**Task prompt**:
Give back only the lines in the records below from the one with "have [_ h21]" to the one with "- by rewrite covers_rail", both inclusive, word for word.

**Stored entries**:
* * * * * * *
(* Vertex [(~~ b, k)] cannot be matched by rung [k], which meets rail [b k], nor
   by the rail on its left, whose partner rail would also meet rail [b k]. *)
Let pm_rail_step M b (k : 'I_m) : perfect_matching M -> rail b k \in M ->
  (forall k' : 'I_m, (k' : nat).+1 = k -> rail (~~ b) k' \in M -> rail b k' \in M) ->
  rail (~~ b) k \in M.
Proof.
move=> pmM rM IHk; set k0 : 'I_m.+1 := inord k.
have k0k : (k0 : nat) = k by rewrite /k0 inordK // ltnW // ltnS ltn_ord.
have crM : covers (rail b k) (b, k0) by rewrite covers_rail eqxx k0k eqxx.
have rail_case b' k' : rail b' k' \in M -> covers (rail b' k') (~~ b, k0) ->
    rail (~~ b) k \in M.
  move=> r'M; rewrite covers_rail k0k => /andP[/eqP Eb /orP[/eqP kk' | /eqP kk']].
    by subst b'; have -> : k = k' by apply: val_inj; rewrite /= kk'.
  subst b'; have r'M' := IHk k' (esym kk') r'M.
  have cr'M : covers (rail b k') (b, k0) by rewrite covers_rail eqxx k0k kk' eqxx orbT.
  have [_ k'k] := rail_inj (pm_covers_uniq pmM r'M' rM cr'M crM).
  by move: kk'; rewrite k'k; lia.
have [e [eM ce _]] := perfect_matchingP _ pmM (~~ b, k0).
case: e eM ce => [[k'|k']|k''] eM ce; [exact: (rail_case true k') | exact: (rail_case false k') |].
have crung : covers (inr k'' : ledge m) (b, k0) by move: ce; rewrite !covers_rung.
move: (pm_covers_uniq pmM eM rM crung crM) => /eqP.
by rewrite eq_sym (negbTE (rail_neq_rung _ _ _)).
Qed.

Lemma pm_railC M b (k : 'I_m) : perfect_matching M ->
  (rail b k \in M) = (rail (~~ b) k \in M).
Proof.
move=> pmM.
suff railC n b' (k' : 'I_m) : (k' : nat) = n -> rail b' k' \in M -> rail (~~ b') k' \in M.
  by apply/idP/idP => [|/(railC _ _ k erefl)]; [exact: railC | rewrite negbK].
elim: n b' k' => [|n IHn] b' k' k'n rM; apply: (pm_rail_step pmM rM) => k'' k''k.
  by rewrite k'n in k''k.
by move/IHn; rewrite negbK; apply; rewrite k'n in k''k; case: k''k.
Qed.

Definition top_rails M : {set 'I_m} := [set k | rail true k \in M].

Definition rail_matching H : {set ledge m} :=
  [set e : ledge m | match e with
                     | inl (inl k) | inl (inr k) => k \in H
                     | inr k0 => [forall h in H, ((h : nat) != k0) && ((h : nat).+1 != k0)]
                     end].

Lemma rail_matching_rail H b k : (rail b k \in rail_matching H) = (k \in H).
Proof. by case: b; rewrite inE. Qed.

Lemma rail_matchingK H : top_rails (rail_matching H) = H.
Proof. by apply/setP => k; rewrite !inE. Qed.

Lemma pm_rungE M (k0 : 'I_m.+1) : perfect_matching M ->
  (inr k0 \in M) = [forall h in top_rails M, ((h : nat) != k0) && ((h : nat).+1 != k0)].
Proof.
move=> pmM; apply/idP/forall_inP => [rM h | free].
  rewrite inE => hM; have crung : covers (inr k0 : ledge m) (true, k0) by rewrite covers_rung.
  have : ~~ covers (rail true h) (true, k0).
    apply: contraNN (rail_neq_rung true h k0) => chM.
    by apply/eqP; exact: pm_covers_uniq pmM hM rM chM crung.
  by rewrite covers_rail eqxx negb_or ![(k0 : nat) == _]eq_sym.
have [e [eM ce _]] := perfect_matchingP _ pmM (true, k0).
case: e eM ce => [[k'|k']|k''] eM ce.
- have /free : k' \in top_rails M by rewrite inE.
  by move: ce; rewrite -[inl _]/(rail true k') covers_rail /= => /orP[] /eqP ->; rewrite eqxx ?andbF.
- by move: ce; rewrite -[inl _]/(rail false k') covers_rail.
by move: ce; rewrite covers_rung => /eqP ->.
Qed.

Lemma top_railsK M : perfect_matching M -> rail_matching (top_rails M) = M.
Proof.
move=> pmM; apply/setP => -[[k|k]|k0]; rewrite inE.
- by rewrite inE.
- by rewrite inE (pm_railC true k pmM).
by rewrite pm_rungE.
Qed.

Lemma perfect_rail_matching H : perfect_matching (rail_matching H) = no_adjacent H.
Proof.
apply/idP/idP => [pmH | /no_adjacentP nH].
  apply/no_adjacentP => h1 h2 h1H h2H; apply/eqP => h12.
  set k0 : 'I_m.+1 := inord h2.
  have k0k : (k0 : nat) = h2 by rewrite /k0 inordK // ltnW // ltnS ltn_ord.
  have c1 : covers (rail true h1) (true, k0) by rewrite covers_rail k0k -h12 !eqxx orbT.
  have c2 : covers (rail true h2) (true, k0) by rewrite covers_rail k0k !eqxx.
  have r1 : rail true h1 \in rail_matching H by rewrite rail_matching_rail.
  have r2 : rail true h2 \in rail_matching H by rewrite rail_matching_rail.
  have [_ h21] := rail_inj (pm_covers_uniq pmH r1 r2 c1 c2).
  by move: h12; rewrite h21; lia.
apply/perfect_matchingP => -[b k0].
have [h /andP[hH hk0] | free] :=
  pickP (fun h : 'I_m => (h \in H) && (((h : nat) == k0) || ((h : nat).+1 == k0))).
  exists (rail b h); split.
  - by rewrite rail_matching_rail.
  - by rewrite covers_rail eqxx ![(k0 : nat) == _]eq_sym.
  have rail_case b' h' : rail b' h' \in rail_matching H -> covers (rail b' h') (b, k0) ->
      rail b' h' = rail b h.
    rewrite rail_matching_rail covers_rail => h'H /andP[/eqP -> h'k0].
    have /eqP h1 := nH _ _ hH h'H; have /eqP h2 := nH _ _ h'H hH.
    by congr rail; apply: ord_inj; move: hk0 h'k0 => /orP[] /eqP ? /orP[] /eqP ?; lia.
  case=> [[h'|h']|k'] eM ce; [exact: (rail_case true h') | exact: (rail_case false h') |].
  move: eM ce; rewrite inE covers_rung => /forall_inP/(_ h hH) + /eqP k0k'.
  by rewrite -k0k'; case/orP: hk0 => ->; rewrite ?andbF.
exists (inr k0); split.
- rewrite inE; apply/forall_inP => h hH.
  by move: (free h); rewrite hH /= => /negbT; rewrite negb_or.
- by rewrite covers_rung.
have no_rail b' h' : rail b' h' \in rail_matching H -> ~~ covers (rail b' h') (b, k0).
  rewrite rail_matching_rail covers_rail => h'H; apply/negP => /andP[_ h'k0].
  by move: (free h'); rewrite /= h'H; case/orP: h'k0 => /eqP ->; rewrite eqxx ?orbT.
case=> [[h'|h']|k'] eM ce.
- by move: ce; rewrite (negbTE (no_rail true h' eM)).
- by move: ce; rewrite (negbTE (no_rail false h' eM)).
by move: ce; rewrite covers_rung => /eqP ->.
Qed.

Lemma prod_rail_matching (R : comNzRingType) (a b : 'I_m -> R) H :
  \prod_(e in rail_matching H) lweight a b e = \prod_(k in H) (a k * b k).
Proof.
rewrite big_mkcond !big_sumType /= big_split /=.
rewrite [X in _ * X]big1 ?mulr1 => [|k _]; last by case: ifP.
by congr (_ * _); rewrite [RHS]big_mkcond; apply: eq_bigr => k _; rewrite inE.
Qed.

Lemma Pladder_no_adjacent (R : comNzRingType) (a b : 'I_m -> R) :
  Pladder a b = \sum_(H : {set 'I_m} | no_adjacent H) \prod_(k in H) (a k * b k).
Proof.
rewrite /Pladder (reindex_onto rail_matching top_rails) => [|M]; last exact: top_railsK.
apply: eq_big => [H | H _]; last exact: prod_rail_matching.
by rewrite rail_matchingK eqxx andbT perfect_rail_matching.
Qed.

End LadderMatchings.

Definition tile_weight (R : comNzRingType) (y : int -> R) (s : int) (k : nat) : R :=
  y (s + k%:Z + 1) * y (s + k%:Z - 1).

Lemma Ptiles_continuant (R : comNzRingType) (y : int -> R) s m :
  Ptiles y s m = continuant (tile_weight y s) m.+1.
Proof. by rewrite /Ptiles Pladder_no_adjacent (sum_no_adjacent _ (tile_weight y s)). Qed.

Section TileDeterminant.
Variables (R : comNzRingType) (y : int -> R).

Let tile_prod (s : int) (n : nat) := \prod_(k < n) y (s + k%:Z).

Lemma tile_weight_det s m :
  continuant (tile_weight y s) m.+4 * continuant (tile_weight y (s + 2)) m
  - continuant (tile_weight y s) m.+2 * continuant (tile_weight y (s + 2)) m.+2
  = (-1) ^+ m * (tile_prod s m.+1 * tile_prod (s + 2) m.+1).
Proof.
have shift2 n : continuant (fun k => tile_weight y s k.+2) n
              = continuant (tile_weight y (s + 2)) n.
  by apply: eq_continuant => k _; rewrite /tile_weight; congr (y _ * y _); lia.
rewrite -!shift2 continuant_det -mulrA; congr (_ * _).
rewrite /tile_prod -big_split big_ord_recl /=; congr (_ * _).
  by rewrite /tile_weight mulrC; congr (y _ * y _); lia.
by apply: eq_bigr => k _; rewrite /tile_weight mulrC; congr (y _ * y _); rewrite /bump /=; lia.
Qed.

Lemma tile_prod_shift s n :
  tile_prod s n.+4 * tile_prod (s + 2) n = tile_prod s n.+2 * tile_prod (s + 2) n.+2.
Proof.
rewrite /tile_prod !big_ord_recr /=.
have -> : s + n.+2%:Z = s + 2 + n%:Z by lia.
have -> : s + n.+3%:Z = s + 2 + n.+1%:Z by lia.
ring.
Qed.

End TileDeterminant.

Section IndependentVariables.
Variables (F : fieldType) (y : int -> F).
Hypothesis y_indep : alg_indep y.

Lemma alg_indep_neq0 t : y t != 0.
Proof.
have idx_inj : injective (fun _ : 'I_1 => t) by move=> a b _; rewrite !ord1.
have X_neq0 : ('X_ord0 : {mpoly int[1]}) != 0.
  by apply: contraTneq isT => X0; have := mevalXU (fun _ : 'I_1 => 1%:Z) ord0; rewrite X0 raddf0.
by have := y_indep idx_inj X_neq0; rewrite mmapX mmap1U.
Qed.

(* [continuant (tile_weight y s) n] is the image of the continuant of a
   polynomial family, which is nonzero since it evaluates to 1 at 0. *)
Lemma continuant_tile_weight_neq0 s n : continuant (tile_weight y s) n != 0.
Proof.
pose idx (k : 'I_n.+2) : int := s - 1 + (k : nat)%:Z.
have idx_inj : injective idx by move=> a b; rewrite /idx => ab; apply: ord_inj; lia.
pose X k : {mpoly int[n.+2]} := 'X_(inord k).
pose p := continuant (fun k => X k.+2 * X k) n.
have p_neq0 : p != 0.
  apply: contraTneq isT => p0; have := congr1 (meval (fun=> 0)) p0.
  rewrite continuant_rmorph (eq_continuant (d := fun=> 0)) ?continuant_zero ?raddf0 //.
  by move=> k _; rewrite /= rmorphM /= !mevalXU mul0r.
have := y_indep idx_inj p_neq0.
rewrite continuant_rmorph (eq_continuant (d := tile_weight y s)) // => k kn.
rewrite /= rmorphM /= !mmapX !mmap1U /idx /tile_weight !inordK; try lia.
by congr (y _ * y _); lia.
Qed.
* * * * * * *
**Response**:
  have [_ h21] := rail_inj (pm_covers_uniq pmH r1 r2 c1 c2).
  by move: h12; rewrite h21; lia.
apply/perfect_matchingP => -[b k0].
have [h /andP[hH hk0] | free] :=
  pickP (fun h : 'I_m => (h \in H) && (((h : nat) == k0) || ((h : nat).+1 == k0))).
  exists (rail b h); split.
  - by rewrite rail_matching_rail.
  - by rewrite covers_rail eqxx ![(k0 : nat) == _]eq_sym.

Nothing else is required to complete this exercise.